I’d imagine most people are in a similar situation as I am. Basically, almost all of the other people on the planet are abstract to me. I know they exist only because I typed a question into a search engine and the search engine told me there are approximately 7.85 billion people. I believe the search engine. Computers are supposed to be very reliable when it comes to data, but I have no actual experience of these people. It’s hard, for me at least, to care about abstractions. To be clear, when I say I don’t care, I mean it in the strictest sense. There’s no real feeling one way or the other. I don’t like them or dislike them. They don’t affect my life in any perceivable way.
There are a few different ways to get from my lack of care about most people to my general goodwill towards all people. I’m just going to sketch them quickly. If anyone wants more detail, let me know and I’ll be happy to provide it. It starts with a kind of variation on the Golden Rule. (Fun fact, this is about as close to deontology as I get.) I have a basic belief that virtually everyone is the same. I don’t mean in terms of capacities or personality or anything like that. I mean in terms of moral worth. So, on pain of being inconsistent, I have to want for most people the same things I want for myself and those I do care about. Without relevant differences, I have no grounding for any other position.
Next, is the fact that I care about things as well as people. I have direct experience of my town, state, country, the planet, the environment, and a whole host of similar things. I have experience of schools and markets and jobs and society. And, I care about these things (I don’t always like them, but I care about them). I want what is good for them. It just so happens that the things that are good for the environment and society and all that are good for the people who live in and with these things.

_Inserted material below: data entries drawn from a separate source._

(* Let $(A,E,\varepsilon,\tau)$ be an analytical $B$-$B$-non-commutative probability space and let $\widetilde{E}:L_2(A,\tau)\to L_2(B,\tau_B)$ denote the orthogonal projection. For all $a\in A$, $b,b_1,b_2\in B$, $\xi,\xi_1,\xi_2\in L_2(A,\tau)$ and $\zeta\in L_2(B,\tau_B)$: (i) $\tau(\xi)=\tau_B(\widetilde{E}(\xi))$; (ii) $\widetilde{E}(aL_b)=\widetilde{E}(aR_b)$; (iii) $\widetilde{E}(L_{b_1}R_{b_2}\xi)=b_1\widetilde{E}(\xi)b_2$; (iv) if $a\in A_\ell$, then $\widetilde{E}(a\zeta)=E(a)\zeta$; (v) if $a\in A_r$, then $\widetilde{E}(a\zeta)=\zeta E(a)$; (vi) if $\tau(L_b\xi_1)=\tau(L_b\xi_2)$ for all $b\in B$, then $\widetilde{E}(\xi_1)=\widetilde{E}(\xi_2)$; (vii) if $\tau(R_b\xi_1)=\tau(R_b\xi_2)$ for all $b\in B$, then $\widetilde{E}(\xi_1)=\widetilde{E}(\xi_2)$.
   Context: Let $B$ be a unital $*$-algebra. A $B$-$B$-non-commutative probability space is a triple $(A,E,\varepsilon)$: $A$ a unital $*$-algebra, $\varepsilon:B\otimes B^{\mathrm{op}}\to A$ a unital $*$-homomorphism injective on $B\otimes 1$ and on $1\otimes B^{\mathrm{op}}$, and $E:A\to B$ unital linear with $E(\varepsilon(b_1\otimes b_2)a)=b_1E(a)b_2$ and $E(a\varepsilon(b\otimes 1))=E(a\varepsilon(1\otimes b))$. Write $L_b=\varepsilon(b\otimes1)$, $R_b=\varepsilon(1\otimes b)$, $A_\ell$ for the commutant of $\{R_b\}$ and $A_r$ for the commutant of $\{L_b\}$ in $A$. An analytical $B$-$B$-non-commutative probability space is $(A,E,\varepsilon,\tau)$ where $\tau$ is a state on $A$ with $\tau(a)=\tau(L_{E(a)})=\tau(R_{E(a)})$, $\tau_B(b):=\tau(L_b)$ is a tracial state on $B$, left multiplication by each $a\in A$ is bounded on $A/N_\tau$ ($N_\tau=\{a:\tau(a^*a)=0\}$) and so extends to a bounded operator on the Hilbert space $L_2(A,\tau)$ (completion of $A/N_\tau$ with $\langle a_1,a_2\rangle=\tau(a_2^*a_1)$), and $E$ is completely positive on $A_\ell$ and on $A_r$. Elements of $A$ are written for their classes in $L_2(A,\tau)$. $L_2(B,\tau_B)$ is identified with the closure of $\{L_b+N_\tau\}$ in $L_2(A,\tau)$; left and right multiplication by elements of $B$ extend to bounded operators on $L_2(B,\tau_B)$, and for $\zeta\in L_2(B,\tau_B)$ one has $L_{b_1}R_{b_2}\zeta=b_1\zeta b_2$. For $\xi\in L_2(A,\tau)$, $\tau(\xi):=\langle \xi,1_A+N_\tau\rangle$, and $\tau_B(\zeta)=\tau(\zeta)$ for $\zeta\in L_2(B,\tau_B)$. *)

(* scalars are the complex numbers R[i] (mathcomp-real-closed)
   over an arbitrary realType R; *-algebras are algType R[i] with an explicit
   involution; L_2(A,tau) is modelled by a Hilbert space with a dense GNS map. *)
From HB Require Import structures.
From mathcomp Require Import all_boot all_order all_algebra.
From mathcomp Require Import complex reals.
Set Implicit Arguments. Unset Strict Implicit. Unset Printing Implicit Defensive.
Import GRing.Theory Num.Theory.
Local Open Scope ring_scope.

Section Defs.
Variable R : realType.
Local Notation C := R[i].

Definition star_alg (A : algType C) (s : A -> A) : Prop :=
  [/\ (forall x y, s (x + y) = s x + s y),
      (forall (c : C) x, s (c *: x) = c^* *: s x),
      (forall x y, s (x * y) = s y * s x) &
      forall x, s (s x) = x].

Definition clinear (U V : lmodType C) (f : U -> V) : Prop :=
  forall (c : C) x y, f (c *: x + y) = c *: f x + f y.

Definition mxstar (A : algType C) (s : A -> A) n (X : 'M[A]_n) : 'M[A]_n :=
  map_mx s X^T.

Definition mx_pos (A : algType C) (s : A -> A) n (X : 'M[A]_n) : Prop :=
  exists l : seq 'M[A]_n, X = \sum_(Y <- l) (mxstar s Y *m Y).

Definition cp_on (A B : algType C) (sA : A -> A) (sB : B -> B)
  (E : A -> B) (S : A -> Prop) : Prop :=
  forall n (X : 'M[A]_n), (forall i j, S (X i j)) ->
    mx_pos sB (map_mx E (mxstar sA X *m X)).

Definition commutant (A : Type) (mul : A -> A -> A) (D : A -> Prop) (a : A) : Prop :=
  forall d, D d -> mul a d = mul d a.

(* eps : B (x) B^op -> A is encoded by its two commuting restrictions
   L b = eps (b (x) 1) and Rm b = eps (1 (x) b) (universal property of the
   algebraic tensor product). *)
Definition BB_ncps (A B : algType C) (sA : A -> A) (sB : B -> B)
  (L Rm : B -> A) (E : A -> B) : Prop :=
  [/\ star_alg sA /\ star_alg sB,
      [/\ clinear L, (forall x y, L (x * y) = L x * L y), L 1 = 1,
          (forall x, L (sB x) = sA (L x)) & injective L],
      [/\ clinear Rm, (forall x y, Rm (x * y) = Rm y * Rm x), Rm 1 = 1,
          (forall x, Rm (sB x) = sA (Rm x)) & injective Rm],
      (forall x y, L x * Rm y = Rm y * L x) &
      [/\ clinear E, E 1 = 1,
          (forall b1 b2 a, E (L b1 * Rm b2 * a) = b1 * E a * b2) &
          forall a b, E (a * L b) = E (a * Rm b)]].
Theorem mainTheorem6 (R : rcfType) (n : nat) (e : rel 'I_n) (s : nat)
  (l2 alpha : R) (E : {set {set 'I_n}}) :
  simple_graph e -> regular e s -> connected_graph e ->
  second_largest_eigenvalue (adjacency R e) l2 ->
  0 < alpha -> alpha <= 1 ->
  E \subset edges e ->
  (#|E|%:R <= alpha * #|edges e|%:R) ->
  let beta := (Num.sqrt (l2 ^+ 2 + 4 * s%:R * (s%:R - l2) * alpha) - l2)
              / (s%:R * (s%:R - l2) * alpha) in
  beta * #|E|%:R <= #|incident_vertices E|%:R.
Proof.
move=> e_simple e_reg _ l2_second alpha_gt0 _ E_sub E_size; cbv zeta.
have [->|E_gt0] := posnP #|E|; first by rewrite mulr0.
have n_gt1 := edge_order_gt1 e_simple E_sub E_gt0.
have [A_sym A_ge0 A_col] := adjacency_regular (R := R) e s e_simple e_reg.
set G := incident_vertices E.
have [l2_le_s spectral] := second_eigenvalue_bound _ _ _ (indicator G)
  A_sym A_ge0 A_col l2_second n_gt1.
rewrite adjacency_quad_indicator norm_indicator sum_indicator in spectral.
have E_inside : (2 * #|E|)%:R <=
    #|[set p | e p.1 p.2 && (p.1 \in G) && (p.2 \in G)]|%:R :> R.
  rewrite ler_nat -(card_oriented e_simple E_sub).
  exact/subset_leq_card/oriented_sub_incident.
have edges_total : (2 * #|edges e|)%N = (s * n)%N.
  rewrite -(card_oriented e_simple (subxx _)).
  exact: card_oriented_edges e_simple _ e_reg.
apply: (expansion_arith _ _ _ _ _ n%:R); rewrite ?ltr0n ?ler0n ?(ltnW n_gt1) //.
  by rewrite -natrM (le_trans E_inside spectral).
by rewrite -mulrA -[s%:R * _]natrM -edges_total natrM mulrCA ler_pM2l.
Qed.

Also, I care about ideas. I like justice. I hate injustice. As a result, I am interested in having more justice and less injustice. This probably sounds a bit funny. We are used to hearing, “Justice for [insert victim’s name here].” But, odds are I don’t know the victim, even if I know the victim’s name. I’m less interested in justice for the victim than I am in justice for the sake of justice. If I had to care about each victim to care about justice, I wouldn’t have the capacity.
Now, six paragraphs in, just to drive all of my writing teachers a little crazy, I’m going to start talking about the point I wanted to make. I don’t understand how anyone could be different than I am when it comes to caring. I’m not saying that as a rhetorical device to persuade others to be more like me. It’s a statement of fact. I don’t understand. How do people care about things and people that do not impact them in any way?
I guess I’m mostly asking conservatives this question. At least here, in America, they are the ones who make a big fuss over the things that don’t affect them at all. For example, they seem to care deeply about the private lives of LGBTQA+ individuals. I don’t get it. How? Why? I just don’t care about what any consenting, grown-up people do with each other or with themselves. Caring about who some stranger is kissing, what they are wearing, or where they are pissing makes about as much sense as caring whether it will rain in Hartford on May 8, 3126. It’s creepy. It’s like taking voyeurism to the craziest possible extreme. It seems pathological to me.
Anyway, that’s where I am. Strangely, I care about why other people care about things they shouldn’t. If I knew why, maybe I could help them stop caring. Then we’d have more room for everyone and everything I do care about.